[Task data]

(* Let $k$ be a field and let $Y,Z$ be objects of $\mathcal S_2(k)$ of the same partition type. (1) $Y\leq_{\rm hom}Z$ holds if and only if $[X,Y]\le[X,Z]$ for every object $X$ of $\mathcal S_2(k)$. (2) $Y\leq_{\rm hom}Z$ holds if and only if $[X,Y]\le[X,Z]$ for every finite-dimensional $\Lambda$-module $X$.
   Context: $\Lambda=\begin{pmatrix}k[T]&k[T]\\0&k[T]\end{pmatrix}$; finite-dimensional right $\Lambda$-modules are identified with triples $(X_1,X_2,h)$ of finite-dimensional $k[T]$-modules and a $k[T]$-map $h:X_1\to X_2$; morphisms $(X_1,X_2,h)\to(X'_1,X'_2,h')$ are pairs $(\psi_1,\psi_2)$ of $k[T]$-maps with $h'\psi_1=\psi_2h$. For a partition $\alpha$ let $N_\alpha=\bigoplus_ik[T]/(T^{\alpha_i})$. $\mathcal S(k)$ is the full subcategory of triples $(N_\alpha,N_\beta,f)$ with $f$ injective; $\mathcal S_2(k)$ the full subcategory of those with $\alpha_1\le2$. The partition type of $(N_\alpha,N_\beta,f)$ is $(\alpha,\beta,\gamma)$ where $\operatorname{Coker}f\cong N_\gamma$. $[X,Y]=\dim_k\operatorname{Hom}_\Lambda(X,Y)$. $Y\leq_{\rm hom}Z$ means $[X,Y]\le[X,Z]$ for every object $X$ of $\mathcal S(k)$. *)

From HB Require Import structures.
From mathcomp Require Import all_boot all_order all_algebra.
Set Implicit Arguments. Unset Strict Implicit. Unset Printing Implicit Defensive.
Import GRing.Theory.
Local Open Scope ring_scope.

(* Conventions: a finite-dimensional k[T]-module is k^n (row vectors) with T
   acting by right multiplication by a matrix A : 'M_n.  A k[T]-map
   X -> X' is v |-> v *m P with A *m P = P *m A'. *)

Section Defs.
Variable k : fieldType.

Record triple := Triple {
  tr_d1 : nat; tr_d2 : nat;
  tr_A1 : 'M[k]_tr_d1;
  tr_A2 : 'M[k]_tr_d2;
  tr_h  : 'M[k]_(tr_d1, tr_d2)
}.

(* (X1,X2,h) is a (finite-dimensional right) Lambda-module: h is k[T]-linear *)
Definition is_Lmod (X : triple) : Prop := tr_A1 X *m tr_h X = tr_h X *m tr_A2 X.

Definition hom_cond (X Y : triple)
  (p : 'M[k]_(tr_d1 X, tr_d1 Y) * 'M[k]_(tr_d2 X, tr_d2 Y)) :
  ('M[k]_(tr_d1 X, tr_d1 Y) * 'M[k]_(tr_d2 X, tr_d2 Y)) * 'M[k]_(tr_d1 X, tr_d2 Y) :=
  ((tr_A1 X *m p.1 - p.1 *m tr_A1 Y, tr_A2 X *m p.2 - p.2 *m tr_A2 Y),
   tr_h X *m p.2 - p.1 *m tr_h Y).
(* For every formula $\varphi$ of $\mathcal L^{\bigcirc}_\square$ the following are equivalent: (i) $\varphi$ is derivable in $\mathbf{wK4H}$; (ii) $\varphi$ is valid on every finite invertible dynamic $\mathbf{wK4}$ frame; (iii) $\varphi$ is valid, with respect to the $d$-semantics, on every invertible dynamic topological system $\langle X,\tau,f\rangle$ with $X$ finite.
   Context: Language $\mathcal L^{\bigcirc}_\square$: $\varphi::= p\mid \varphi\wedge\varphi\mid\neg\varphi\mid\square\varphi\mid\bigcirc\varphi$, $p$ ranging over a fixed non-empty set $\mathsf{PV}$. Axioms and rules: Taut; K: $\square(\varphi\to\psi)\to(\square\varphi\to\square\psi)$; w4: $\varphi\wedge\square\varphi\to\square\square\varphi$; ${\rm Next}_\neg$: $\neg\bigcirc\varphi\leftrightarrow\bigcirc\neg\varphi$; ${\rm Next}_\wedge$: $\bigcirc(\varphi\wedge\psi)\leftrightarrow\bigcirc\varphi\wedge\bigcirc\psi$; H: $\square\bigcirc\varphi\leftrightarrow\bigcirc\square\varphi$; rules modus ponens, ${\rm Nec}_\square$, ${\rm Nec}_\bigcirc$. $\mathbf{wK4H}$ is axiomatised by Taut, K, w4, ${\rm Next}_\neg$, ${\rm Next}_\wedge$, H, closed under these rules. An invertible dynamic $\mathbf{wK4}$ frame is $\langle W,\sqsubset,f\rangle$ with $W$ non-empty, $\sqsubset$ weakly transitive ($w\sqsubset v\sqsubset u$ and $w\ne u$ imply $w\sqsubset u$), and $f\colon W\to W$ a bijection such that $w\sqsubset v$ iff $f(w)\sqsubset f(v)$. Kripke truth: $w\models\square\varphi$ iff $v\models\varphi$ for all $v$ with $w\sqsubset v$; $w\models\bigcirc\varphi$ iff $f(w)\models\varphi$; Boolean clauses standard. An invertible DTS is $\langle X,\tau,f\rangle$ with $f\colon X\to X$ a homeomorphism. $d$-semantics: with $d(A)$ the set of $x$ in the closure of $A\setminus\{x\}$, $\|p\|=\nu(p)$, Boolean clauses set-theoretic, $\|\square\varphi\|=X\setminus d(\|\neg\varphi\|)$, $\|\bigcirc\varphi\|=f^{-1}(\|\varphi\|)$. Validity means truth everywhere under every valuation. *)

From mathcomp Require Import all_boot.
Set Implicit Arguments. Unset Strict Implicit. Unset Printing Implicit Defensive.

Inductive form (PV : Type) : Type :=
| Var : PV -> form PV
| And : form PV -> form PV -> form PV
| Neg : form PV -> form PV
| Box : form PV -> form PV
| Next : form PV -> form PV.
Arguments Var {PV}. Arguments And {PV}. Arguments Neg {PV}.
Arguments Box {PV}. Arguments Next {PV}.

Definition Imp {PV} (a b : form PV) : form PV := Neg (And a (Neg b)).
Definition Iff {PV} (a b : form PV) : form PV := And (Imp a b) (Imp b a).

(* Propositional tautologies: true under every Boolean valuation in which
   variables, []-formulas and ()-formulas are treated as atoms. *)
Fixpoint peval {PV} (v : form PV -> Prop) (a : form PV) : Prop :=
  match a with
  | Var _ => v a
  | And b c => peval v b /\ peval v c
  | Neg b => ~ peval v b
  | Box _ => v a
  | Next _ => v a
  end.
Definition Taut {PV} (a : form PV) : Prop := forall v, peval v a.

[/Task data]

→ **Assignment**
From the data above, gather every line that includes the word "Boolean".

→ **Response below**
   Context: Language $\mathcal L^{\bigcirc}_\square$: $\varphi::= p\mid \varphi\wedge\varphi\mid\neg\varphi\mid\square\varphi\mid\bigcirc\varphi$, $p$ ranging over a fixed non-empty set $\mathsf{PV}$. Axioms and rules: Taut; K: $\square(\varphi\to\psi)\to(\square\varphi\to\square\psi)$; w4: $\varphi\wedge\square\varphi\to\square\square\varphi$; ${\rm Next}_\neg$: $\neg\bigcirc\varphi\leftrightarrow\bigcirc\neg\varphi$; ${\rm Next}_\wedge$: $\bigcirc(\varphi\wedge\psi)\leftrightarrow\bigcirc\varphi\wedge\bigcirc\psi$; H: $\square\bigcirc\varphi\leftrightarrow\bigcirc\square\varphi$; rules modus ponens, ${\rm Nec}_\square$, ${\rm Nec}_\bigcirc$. $\mathbf{wK4H}$ is axiomatised by Taut, K, w4, ${\rm Next}_\neg$, ${\rm Next}_\wedge$, H, closed under these rules. An invertible dynamic $\mathbf{wK4}$ frame is $\langle W,\sqsubset,f\rangle$ with $W$ non-empty, $\sqsubset$ weakly transitive ($w\sqsubset v\sqsubset u$ and $w\ne u$ imply $w\sqsubset u$), and $f\colon W\to W$ a bijection such that $w\sqsubset v$ iff $f(w)\sqsubset f(v)$. Kripke truth: $w\models\square\varphi$ iff $v\models\varphi$ for all $v$ with $w\sqsubset v$; $w\models\bigcirc\varphi$ iff $f(w)\models\varphi$; Boolean clauses standard. An invertible DTS is $\langle X,\tau,f\rangle$ with $f\colon X\to X$ a homeomorphism. $d$-semantics: with $d(A)$ the set of $x$ in the closure of $A\setminus\{x\}$, $\|p\|=\nu(p)$, Boolean clauses set-theoretic, $\|\square\varphi\|=X\setminus d(\|\neg\varphi\|)$, $\|\bigcirc\varphi\|=f^{-1}(\|\varphi\|)$. Validity means truth everywhere under every valuation. *)
(* Propositional tautologies: true under every Boolean valuation in which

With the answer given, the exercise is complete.